The Daily Caller on Saturday, facing backlash, fired its opinion editor and canceled a weekly column he had offered right-wing provocateur Milo Yiannopoulos.
"Sad news: The Daily Caller has caved to pressure and cancelled my weekly column after a day, claiming, falsely, they never planned to run weekly contributions from me," Yiannopoulos wrote Saturday on Facebook, adding that he was "disappointed, to put it mildly."
Just a day prior, the Daily Caller, a conservative news and opinion website, had published a column by Yiannopoulos on the topic of the sexual harassment allegations against actor Kevin Spacey.
At the time, Daily Caller Editor-in-Chief Geoffrey Ingersoll told CNN the website approached Yiannopoulos for a column on Spacey because they "thought him particularly fit for it."
According to Ingersoll, opinion editor Rob Mariani later struck a deal with Yiannopoulos for an unpaid, weekly contribution. A note at the bottom of his Spacey column indicated it was the "first installment" in a "new weekly column." The note is no longer attached to the column.
Related: Robert Mercer says he'll pull funding for Breitbart, distances himself from Yiannopoulos
The news of a regular column from Yiannopoulos did not go over well.

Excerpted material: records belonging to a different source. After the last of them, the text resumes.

(* Let $v$ be a typical weight and let $X$ be an initial space such that for every $f\in X$ and $0\le r<1$ the function $f_r(z)=f(rz)$ is in $X$ and $\sup_{0\le r<1}\|f_r\|_X\le C\|f\|_X$ for a constant $C$ independent of $f$. Let $T$ be an intrinsic operator on $\mathcal{H}(\mathbb{D})$ such that $T:X\to H_v$ is bounded and $Tf_r\in H_{v,0}$ for all $f\in X$, $0\le r<1$. Then the following are equivalent: (i) $T:X\to H_v$ is compact; (ii) $T:X\to H_{v,0}$ is compact; (iii) $\lim_{|z|\to1}v(z)\|T^*K_z^H\|=0$.
   Context: $\mathcal{H}(\mathbb{D})$ is the space of holomorphic functions on the unit disk $\mathbb{D}$ with the topology $\tau_{uc}$ of uniform convergence on compact subsets. A linear operator $T$ on $\mathcal{H}(\mathbb{D})$ is intrinsic if it maps $\tau_{uc}$-convergent sequences to $\tau_{uc}$-convergent sequences. An initial space is a Banach space $X\subset\mathcal{H}(\mathbb{D})$ containing the polynomials such that every sequence in the closed unit ball of $X$ has a subsequence converging in $\tau_{uc}$ to some function in $X$. A typical weight is a continuous radial $v:\mathbb{D}\to(0,1]$, non-increasing in $|z|$, with $v(z)\to0$ as $|z|\to1$. $H_v=\{f:\sup_z v(z)|f(z)|<\infty\}$ with that supremum as norm, $H_{v,0}=\{f:\lim_{|z|\to1}v(z)|f(z)|=0\}$ (closed subspace). $K_z^H$ is the point evaluation $g\mapsto g(z)$ on $H_v$ and $T^*:H_v^*\to X^*$ the adjoint of $T:X\to H_v$. *)

From HB Require Import structures.
From mathcomp Require Import all_boot all_order all_algebra.
From mathcomp Require Import complex.
From mathcomp Require Import all_classical all_reals all_analysis.
Import Order.TTheory GRing.Theory Num.Theory.
Import numFieldNormedType.Exports.
Import Normc.

Set Implicit Arguments.
Unset Strict Implicit.
Unset Printing Implicit Defensive.

Local Open Scope ring_scope.
Local Open Scope classical_set_scope.

(* Complex numbers are R[i] for R : realType; |z| is  normc z : R.
   Functions on the disk are represented by functions R[i] -> R[i];
   only their values on the open unit disk matter. *)

Section Defs.
Variable R : realType.
Local Notation C := R[i].

Definition disk : set C := [set z | normc z < 1].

The Daily Caller came under immediate fire on social media for giving platform to Yiannopoulos, a controversial figure associated with white nationalism who resigned from the right-wing Breitbart website earlier this year over comments he made about pederasty. Robert Mercer, the billionaire conservative donor, said earlier this week that he was "mistaken" to have supported Yiannopoulos and that he was severing ties.
Internally, some people at the Daily Caller were also upset. One employee told CNN that several at the website were blindsided and unhappy with the news Yiannopoulos would have a weekly column.
Related: Milo Yiannopoulos resigns from Breitbart amid child sex comments
In response to all the controversy and media reports, Neil Patel, co-founder and publisher of the Daily Caller released a statement saying Yiannopoulos had not been hired by the website and "does not have a regular column with us."
And on Saturday, Ingersoll fired Mariani, telling CNN in a statement that the opinion editor was let go for "failure to properly convey" the deal he made with Yiannopoulos to him and the website's CEO.
Mariani told CNN the idea to publish Yiannopoulos's initial column was suggested to him by a top editor and that it was "met with enthusiasm" by Ingersoll. He added that the Daily Caller had published Yiannopoulos before and that he had "informed" management that he "got Milo on more than one occasion."
"The fact that it was a higher-ranking editor's idea, the fact that I brought up the fact that I published Milo to the top brass so many times and the fact that we had already published him made it seem like a no-brainer," Mariani told CNN.
Mariani said he was surprised to have been fired.
"My traffic for the section was at record highs and increasing," he told CNN. "I was doing a good job and even just took on more responsibilities to help run the organization's new fact-check vertical."